NEW YORK (AP) - Susan Hewitt found a special prize recently while wandering the streets of New York.
The 70-year-old spotted a mysterious patch of bright green leaves with tiny white flowers in a raised flower bed. It turned out to be tropical Mexican clover, a weed common in South America and Florida’s orange groves, but never recorded before in the state.
“I get a tremendous kick out of identifying things,” she said. “There’s nothing more exciting.”
Hewitt volunteers for an ambitious project to photograph all the wild plants that dwell in New York City. On Friday, the organizers announced that citizen scientists had catalogued more than 26,000 sightings, and documented new populations of invasive species and native weeds that seem to be disappearing, like the green comet milkweed.
Started last year by scientists at the New York Botanical Garden, the effort makes up for the lack of manpower to survey the entire city.
“There are just not enough of us,” said Regina Alvarez, a professor at Dominican College in New York who isn’t part of the effort. “What we’re studying requires a lot of data and it’s really hard for the number of scientists that are out there to do all that work.”
The project so far has attracted 730 volunteers armed with smartphones who’ve hit the streets for the quest, called New York City EcoFlora.
Hewitt, a self-described naturalist who grew up near the English village where Charles Darwin lived, made her discovery last month in front of a massive apartment building in Manhattan’s Upper East Side. She fires up her iPhone X every time she spots something new or interesting. A fragile tree seedling sticking out of a manhole cover? Click. A white petunia hidden among weeds? Click.
Botanist Brian Boom, who heads the project, said the scientific community wasn’t really thinking about the need to engage with regular folks when he was a graduate student in the early 1980s.
“There was a sense of, ’This is what we do.
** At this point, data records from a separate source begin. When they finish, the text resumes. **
(* Let $\phi$ be a character (unital algebra homomorphism to $\mathbb K$) of the block-substitution bialgebra $\mathbf{B}$ of noncrossing partitions. Then $\phi$ is invertible in the monoid of characters of $\mathbf{B}$ under convolution if and only if $\phi(I_n)\neq0$ for all $n\geq1$, where $I_n=\{[n]\}$.
   Context: $\mathbb K$ is a field of characteristic zero. Noncrossing partitions of $[n]$: no $a<c<b<d$ with $a,b$ in one block and $c,d$ in another; partitions of finite linearly ordered sets are identified with partitions of $[m]$ via the order-preserving bijection; $P_{|X}$ is the induced partition on $X$. $\mathbf{B}$ is the free commutative unital algebra generated by nonempty noncrossing partitions. For noncrossing $P\leq Q$ of $[n]$ (each block of $Q$ a union of blocks of $P$), $Q=\{\tau_1,\dots,\tau_l\}$, put $P/Q=P_{|\tau_1}\cdots P_{|\tau_l}$. The coproduct is $\delta(P)=\sum_{Q\geq P\text{ noncrossing}}Q\otimes P/Q$, extended multiplicatively; counit $\varepsilon(P)=1$ if $P$ has one block and $0$ otherwise. The convolution of characters is $\phi*\psi=m_{\mathbb K}\circ(\phi\otimes\psi)\circ\delta$, with unit $\varepsilon$. *)

From HB Require Import structures.
From mathcomp Require Import all_boot all_order all_algebra.
Set Implicit Arguments. Unset Strict Implicit. Unset Printing Implicit Defensive.
Import GRing.Theory.
Local Open Scope ring_scope.

(* A set partition of [n] = {0,...,n-1} is encoded as P : {set {set 'I_n}}
   satisfying [partition P [set: 'I_n]] (blocks nonempty, disjoint, covering). *)

Definition noncrossing n (P : {set {set 'I_n}}) : bool :=
  [forall A in P, forall B in P, (A != B) ==>
     [forall a in A, forall b in A, forall c in B, forall d in B,
        ~~ [&& (a < c)%N, (c < b)%N & (b < d)%N]]].

Definition NCpart n (P : {set {set 'I_n}}) : bool :=
  partition P [set: 'I_n] && noncrossing P.

Definition refines n (P Q : {set {set 'I_n}}) : bool :=
  [forall B in P, exists C in Q, B \subset C].

(* Induced partition P_{|tau}, transported to [#|tau|] via the
   order-preserving bijection 'I_#|tau| -> tau, k |-> k-th element of the
   increasingly enumerated set tau (enum_val). *)
Definition restrict n (P : {set {set 'I_n}}) (tau : {set 'I_n})
  : {set {set 'I_#|tau|}} :=
  [set [set k : 'I_#|tau| | @enum_val _ (mem tau) k \in B] | B : {set 'I_n} in P & B \subset tau].

(* A character of the free commutative algebra B is determined by its
   (arbitrary) values on the free generators, the nonempty noncrossing
   partitions; we represent it by such a value function (values on
   non-noncrossing sets or on n = 0 are irrelevant). *)
Definition charB (K : fieldType) := forall n : nat, {set {set 'I_n}} -> K.

(* Convolution: (phi * psi)(P) = sum_{Q >= P noncrossing} phi(Q) psi(P/Q),
   with psi(P/Q) = prod_{tau in Q} psi(P_{|tau}) by multiplicativity. *)
Definition convB (K : fieldType) (phi psi : charB K) : charB K :=
  fun n P => \sum_(Q : {set {set 'I_n}} | NCpart Q && refines P Q)
               phi n Q * \prod_(tau in Q) psi #|tau| (restrict P tau).

Definition epsB (K : fieldType) : charB K :=
  fun n P => if #|P| == 1%N then 1 else 0.

(* Equality of characters = equality on all generators. *)
Definition eqB (K : fieldType) (phi psi : charB K) : Prop :=
  forall n (P : {set {set 'I_n}}), (0 < n)%N -> NCpart P -> phi n P = psi n P.

Definition invertibleB (K : fieldType) (phi : charB K) : Prop :=
  exists psi : charB K, eqB (convB phi psi) (@epsB K) /\ eqB (convB psi phi) (@epsB K).

From mathcomp Require Import all_boot all_order all_algebra.
Set Implicit Arguments. Unset Strict Implicit. Unset Printing Implicit Defensive.
Import GRing.Theory.

(* The coefficient of psi(P) in (phi * psi)(P) is phi(I_n); every other term
   evaluates psi on restrictions of P to the blocks of a coarsening Q <> I_n,
   i.e. on partitions of fewer points.  Hence (phi * psi)(I_n) = phi(I_n) psi(I_n)
   gives necessity, while if all phi(I_n) are nonzero the equation
   phi * psi = eps can be solved for psi by recursion on n, and the same
   triangularity makes phi left-cancellable.  Since the coproduct is
   coassociative (a noncrossing coarsening of P_{|rho} on every block rho of R
   is the same as one noncrossing Q between P and R), the characters form a
   monoid, in which a right inverse of a left-cancellable element is two-sided. *)

(** * Increasing maps between ordinals *)

Lemma sorted_enum_ord n (A : {pred 'I_n}) : sorted (fun i j : 'I_n => (i < j)%N) (enum A).
Proof.
rewrite {1}/enum_mem -enumT; apply: sorted_filter => [j i k|]; first exact: ltn_trans.
by have := iota_ltn_sorted 0 n; rewrite -val_enum_ord sorted_map.
Qed.

Lemma enum_val_incr n (A : {pred 'I_n}) : {mono @enum_val _ A : i j / (i < j)%N}.
Proof.
have homo : {homo @enum_val _ A : i j / (i < j)%N}.
  move=> i j ij; have x0 : 'I_n := enum_val i; rewrite !(enum_val_nth x0).
  apply: (sorted_ltn_nth (fun j i k : 'I_n => @ltn_trans j i k)) => //.
  - exact: sorted_enum_ord.
  - by rewrite inE -cardE.
  - by rewrite inE -cardE.
move=> i j; case: (ltngtP i j) => [/homo -> // | ji | /val_inj -> ]; last by rewrite !ltnn.
by rewrite !leq_gtF // ltnW // homo.
Qed.

Lemma enum_val_image n (A : {set 'I_n}) : @enum_val _ (mem A) @: setT = A.
Proof.
apply/setP => x; apply/imsetP/idP => [[k _ ->]|Ax]; first exact: enum_valP.
by exists (enum_rank_in Ax x); rewrite ?inE // enum_rankK_in.
Qed.

Lemma incr_inj m n (g : 'I_m -> 'I_n) : {mono g : i j / (i < j)%N} -> injective g.
Proof.
move=> g_incr i j eq_g; apply: val_inj.
by case: (ltngtP i j) => // ij; move: ij; rewrite -g_incr eq_g ltnn.
Qed.

Lemma sorted_map_incr m n (g : 'I_m -> 'I_n) : {mono g : i j / (i < j)%N} ->
  sorted (fun x y : 'I_n => (x < y)%N) (map g (enum 'I_m)).
Proof.
move=> g_incr; rewrite sorted_map; apply: sub_sorted (sorted_enum_ord _) => i j.
by rewrite /= g_incr.
Qed.

Lemma incr_map_enum_eq m1 m2 n (g1 : 'I_m1 -> 'I_n) (g2 : 'I_m2 -> 'I_n) :
  {mono g1 : i j / (i < j)%N} -> {mono g2 : i j / (i < j)%N} ->
  g1 @: setT = g2 @: setT -> map g1 (enum 'I_m1) = map g2 (enum 'I_m2).
Proof.
move=> g1_incr g2_incr eq_img.
apply: (irr_sorted_eq (fun j i k : 'I_n => @ltn_trans j i k)); rewrite ?sorted_map_incr //.
  by move=> x; rewrite /= ltnn.
move=> x; apply/mapP/mapP => -[k _ ->].
  have /imsetP[k' _ ->] : g1 k \in g2 @: setT by rewrite -eq_img imset_f.
  by exists k'; rewrite ?mem_enum.
have /imsetP[k' _ ->] : g2 k \in g1 @: setT by rewrite eq_img imset_f.
by exists k'; rewrite ?mem_enum.
Qed.

Lemma trivIset_block_eq (T : finType) (P : {set {set T}}) A B x :
  trivIset P -> A \in P -> B \in P -> x \in A -> x \in B -> A = B.
Proof. by move=> tiP AP BP xA xB; rewrite -(def_pblock tiP AP xA) (def_pblock tiP BP xB). Qed.

Lemma partition_ssetI (T : finType) (P : {set {set T}}) D : partition P D -> P ::&: D = P.
Proof. by move=> pP; apply/setP => B; rewrite inE andb_idr // => /(partitionS pP). Qed.

Lemma ssetI_block (T : finType) (P : {set {set T}}) D tau :
  partition P D -> tau \in P -> P ::&: tau = [set tau].
Proof.
move=> pP tauP; apply/setP => B; rewrite !inE.
apply/andP/eqP => [[BP Btau]|->]; last by rewrite tauP.
have /set0Pn[x xB] := partition_neq0 pP BP.
exact: trivIset_block_eq (partition_trivIset pP) BP tauP xB (subsetP Btau x xB).
Qed.

Lemma partition_subset_eq (T : finType) (P Q : {set {set T}}) D :
  partition P D -> partition Q D -> Q \subset P -> Q = P.
Proof.
move=> pP pQ QP; apply/eqP; rewrite eqEsubset QP; apply/subsetP => B BP.
have /set0Pn[x xB] := partition_neq0 pP BP.
have /bigcupP[C CQ xC] : x \in cover Q.
  by rewrite (cover_partition pQ) -(cover_partition pP); apply/bigcupP; exists B.
by rewrite (trivIset_block_eq (partition_trivIset pP) BP (subsetP QP C CQ) xB xC).
Qed.

Lemma ncP n (P : {set {set 'I_n}}) :
  reflect {in P &, forall A B : {set 'I_n}, A != B ->
             forall a b c d : 'I_n, a \in A -> b \in A -> c \in B -> d \in B ->
             ~~ [&& (a < c)%N, (c < b)%N & (b < d)%N]}
          (noncrossing P).
Proof.
apply: (iffP forall_inP) => [nc A B AP BP AB a b c d aA bA cB dB | nc A AP].
  by move: (nc A AP) => /forall_inP/(_ B BP)/implyP/(_ AB)/forall_inP/(_ a aA)
    /forall_inP/(_ b bA)/forall_inP/(_ c cB)/forall_inP/(_ d dB).
apply/forall_inP => B BP; apply/implyP => AB.
by do 4 apply/forall_inP => ? ?; exact: (nc A B).
Qed.

Lemma noncrossingS n (P Q : {set {set 'I_n}}) : P \subset Q -> noncrossing Q -> noncrossing P.
Proof. by move=> /subsetP PQ /ncP ncQ; apply/ncP => A B AP BP; apply: ncQ; apply: PQ. Qed.

Lemma refines_refl n (P : {set {set 'I_n}}) : refines P P.
Proof. by apply/forall_inP => B BP; apply/exists_inP; exists B. Qed.

Lemma refines_trans n (P Q R : {set {set 'I_n}}) : refines P Q -> refines Q R -> refines P R.
Proof.
move=> /forall_inP rPQ /forall_inP rQR; apply/forall_inP => B.
move=> /rPQ /exists_inP[C /rQR /exists_inP[D DR CD] BC].
by apply/exists_inP; exists D; rewrite // (subset_trans BC CD).
Qed.

Lemma refines_top n (P : {set {set 'I_n}}) : refines P [set [set: 'I_n]].
Proof.
by apply/forall_inP => B _; apply/exists_inP; exists [set: 'I_n]; rewrite ?set11 ?subsetT.
Qed.

Lemma refines_block n (P Q : {set {set 'I_n}}) B tau x :
  trivIset Q -> refines P Q -> B \in P -> tau \in Q -> x \in B -> x \in tau ->
  B \subset tau.
Proof.
move=> tiQ /forall_inP rPQ BP tauQ xB xtau; have /exists_inP[C CQ BC] := rPQ B BP.
by rewrite -(trivIset_block_eq tiQ CQ tauQ (subsetP BC x xB) xtau).
Qed.

Lemma partition_sub_block n (P Q : {set {set 'I_n}}) tau :
  partition P setT -> partition Q setT -> refines P Q -> tau \in Q ->
  partition (P ::&: tau) tau.
Proof.
move=> pP pQ rPQ tauQ; apply/and3P; split.
- apply/eqP/setP => x; apply/bigcupP/idP => [[B /[!inE] /andP[_ /subsetP]]|xtau].
    exact.
  have /bigcupP[B BP xB] : x \in cover P by rewrite (cover_partition pP) inE.
  exists B; rewrite // inE BP.
  exact: refines_block (partition_trivIset pQ) rPQ BP tauQ xB xtau.
- exact/trivIsetI/partition_trivIset/pP.
- by rewrite inE (partition0 pP).
Qed.

Lemma refines_card1_eq n (P Q : {set {set 'I_n}}) :
  partition P setT -> partition Q setT -> refines P Q ->
  {in Q, forall tau, #|P ::&: tau| = 1%N} -> Q = P.
Proof.
move=> pP pQ rPQ one; apply: (partition_subset_eq pP pQ); apply/subsetP => tau tauQ.
have /eqP/cards1P[B eB] := one tau tauQ.
have := cover_partition (partition_sub_block pP pQ rPQ tauQ); rewrite eB cover1 => <-.
by have := set11 B; rewrite -eB inE => /andP[].
Qed.

Lemma NCpart_top n : (0 < n)%N -> NCpart [set [set: 'I_n]].
Proof.
move=> n_gt0; rewrite /NCpart /partition cover1 eqxx trivIset1 inE eq_sym /=.
apply/andP; split; first by apply/set0Pn; exists (Ordinal n_gt0).
by apply/ncP => A B /set1P-> /set1P->; rewrite eqxx.
Qed.

Lemma partition_setT_block n (Q : {set {set 'I_n}}) :
  partition Q setT -> [set: 'I_n] \in Q -> Q = [set [set: 'I_n]].
Proof.
move=> pQ TQ; apply/setP => C; rewrite inE; apply/idP/eqP => [CQ|->] //.
have /set0Pn[x xC] := partition_neq0 pQ CQ.
exact: trivIset_block_eq (partition_trivIset pQ) CQ TQ xC (in_setT x).
Qed.

Lemma card_block_lt n (Q : {set {set 'I_n}}) tau :
  partition Q setT -> Q != [set [set: 'I_n]] -> tau \in Q -> (0 < #|tau| < n)%N.
Proof.
move=> pQ QT tauQ; rewrite card_gt0 (partition_neq0 pQ tauQ) /=.
have le_n : (#|tau| <= n)%N by rewrite -[X in (_ <= X)%N](card_ord n) max_card.
rewrite ltn_neqAle le_n andbT; apply: contra QT => /eqP tau_n.
have tau_T : tau = [set: 'I_n].
  by apply/eqP; rewrite eqEcard subsetT cardsT card_ord tau_n leqnn.
by rewrite tau_T in tauQ; rewrite (partition_setT_block pQ tauQ).
Qed.

(** * Pulling back and pushing forward partitions *)

Definition pullpart m n (g : 'I_m -> 'I_n) (P : {set {set 'I_n}}) : {set {set 'I_m}} :=
  [set g @^-1: B | B : {set 'I_n} in P & B \subset g @: setT].

Definition pushpart m n (g : 'I_m -> 'I_n) (X : {set {set 'I_m}}) : {set {set 'I_n}} :=
  [set g @: B | B : {set 'I_m} in X].

Section PullPush.
Variables (m n : nat) (g : 'I_m -> 'I_n).
Hypothesis g_incr : {mono g : i j / (i < j)%N}.
Let g_inj := incr_inj g_incr.
Local Notation img := (g @: [set: 'I_m]).

Lemma preimset_imset (B : {set 'I_m}) : g @^-1: (g @: B) = B.
Proof. by apply/setP => k; rewrite inE mem_imset. Qed.

Lemma imset_preimset (B : {set 'I_n}) : B \subset img -> g @: (g @^-1: B) = B.
Proof.
move=> /subsetP Bimg; apply/setP => x; apply/imsetP/idP => [[k + ->]|xB].
  by rewrite inE.
by have /imsetP[k _ ekx] := Bimg x xB; exists k; rewrite // inE -ekx.
Qed.

Lemma pullpartK X : pullpart g (pushpart g X) = X.
Proof.
apply/setP => Y; apply/imsetP/idP => [[C] /[!inE] /andP[/imsetP[B BX ->] _] ->|YX].
  by rewrite preimset_imset.
exists (g @: Y); last by rewrite preimset_imset.
by rewrite inE imset_f //= imsetS ?subsetT.
Qed.

Lemma pushpartK Y : pushpart g (pullpart g Y) = Y ::&: img.
Proof.
apply/setP => B; apply/imsetP/idP => [[_ /imsetP[C] /[!inE] /andP[CY Cimg] -> ->]|].
  by rewrite imset_preimset // CY.
rewrite inE => /andP[BY Bimg]; exists (g @^-1: B); last by rewrite imset_preimset.
by apply/imsetP; exists B; rewrite // inE BY.
Qed.

Lemma partition_pushpart X : partition (pushpart g X) img = partition X setT.
Proof. exact: imset_partition. Qed.

Lemma partition_pullpart Y : partition (pullpart g Y) setT = partition (Y ::&: img) img.
Proof. by rewrite -partition_pushpart pushpartK. Qed.

Lemma noncrossing_pullpart Y : noncrossing Y -> noncrossing (pullpart g Y).
Proof.
move/ncP=> ncY; apply/ncP => _ _ /imsetP[A + ->] /imsetP[B + ->].
rewrite !inE => /andP[AY _] /andP[BY _] AB a b c d; rewrite !inE => aA bA cB dB.
by rewrite -!g_incr; apply: (ncY A B) => //; apply: contraNneq AB => ->.
Qed.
And you can go out and look at the birds and that’s great. But, you know, we’ll do the science,’” he said.
Not anymore. Scientists have become increasingly aware of how citizens can contribute to their research.
Digital platforms like iNaturalist, a mobile app where citizens share their observations of plants and animals, estimate that people have made dozens of noteworthy discoveries around the world. And a 2017 study found that more than half the material in the Global Biodiversity Information Facility -an open-access database with information about all types of life on Earth- comes from volunteers.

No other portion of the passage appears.